One of the hottest stocks in the crazy last two months is the European memory chips-maker Infineon Technologies. The stock is already up 100% since March and trading at 45 times this year’s earnings. We had bought the stock for our portfolios in March close to the lows of the year, and we really enjoyed all this rally. But we chose to sell it at the current levels, a few days ago. The specific stock is not a “new stock” for us, as it has a long history. It was one of the IPOs of early 2000 which coincided with the bubble in Technology stocks. A spin-off from Siemens back in the day, it was marketed as a hot IPO at a market value of 22bn€. Demand was so huge that the stock more than doubled on its trading debut to reach a stratospheric valuation (for the times) of 55bn€ with just 70mn€ of annual profits. What happened next can be seen in this very long-term chart. At first it lost 90% of its value and during the 2008 crisis it almost went to zero, reaching a valuation less than 1bn€. The price is now back where it was in 2000, after the recent huge rally. At least after 26 years the initial investors got their money back !!
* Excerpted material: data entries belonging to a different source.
(* Let $p$ be a prime and $R$ a local ring which is a finitely generated $\mathbb{Z}_p$-algebra and finitely generated as a $\mathbb{Z}_p$-module, with $\mathbb{Z}_p\subset R$ and residue field $\mathbb{F}_R$. For a finite $R$-module $M$ set $$d_M=\dim_{\mathbb{F}_R}\mathrm{Tor}^R_1(M,\mathbb{F}_R)-\dim_{\mathbb{F}_R}(M\otimes_R\mathbb{F}_R).$$ Then $d_M\geq 0$ for every finite $R$-module $M$. Moreover, $M\in T_R$ if and only if $d_M=0$.
   Context: $T_R$ denotes the set of (isomorphism classes of) finite $R$-modules that occur as the cokernel of some $R$-linear endomorphism of $R^N$, for some $N\geq 1$. *)

From mathcomp Require Import all_boot all_order all_algebra.
Set Implicit Arguments. Unset Strict Implicit. Unset Printing Implicit Defensive.
Import GRing.Theory.
Local Open Scope ring_scope.

(* An element of Z_p is a compatible sequence of residues x n in [0, p^n). *)
Definition padic_seq (p : nat) (x : nat -> nat) : Prop :=
  forall n, (x n %% p ^ n = x n)%N /\ (x n.+1 %% p ^ n = x n)%N.

Definition Zpadic (p : nat) : Type := {x : nat -> nat | padic_seq p x}.

Lemma padic_add_proof p (x y : Zpadic p) :
  padic_seq p (fun n => (sval x n + sval y n) %% p ^ n)%N.
Proof.
case: x => x hx; case: y => y hy n /=; split; first by rewrite modn_mod.
rewrite (modn_dvdm _ (dvdn_exp2l p (leqnSn n))) -modnDm (hx n).2 (hy n).2.
by [].
Qed.

Lemma padic_mul_proof p (x y : Zpadic p) :
  padic_seq p (fun n => (sval x n * sval y n) %% p ^ n)%N.
Proof.
case: x => x hx; case: y => y hy n /=; split; first by rewrite modn_mod.
rewrite (modn_dvdm _ (dvdn_exp2l p (leqnSn n))) -modnMm (hx n).2 (hy n).2.
by [].
Qed.

Lemma padic_one_proof p : padic_seq p (fun n => 1 %% p ^ n)%N.
Proof.
move=> n; split; first by rewrite modn_mod.
by rewrite (modn_dvdm _ (dvdn_exp2l p (leqnSn n))).
Qed.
The content of this document has been produced from publicly available information as well as from internal research and rigorous efforts have been made to verify the accuracy and reasonableness of the hypotheses used. Although unlikely, omissions or errors might however happen.

The data included in this document are based on past performances and do not constitute an indicator or a guarantee of future performances. Performances are not constant over time and can be positive or negative.

This document is intended for informational purposes only and should not be construed as an offer or solicitation for the purchase or sale of any financial instrument and it should not be considered as investment advice. The market valuations, views, and calculations contained herein are estimates only and are subject to change without notice. Any investment decision needs to be discussed with your advisor and cannot be based only on this document.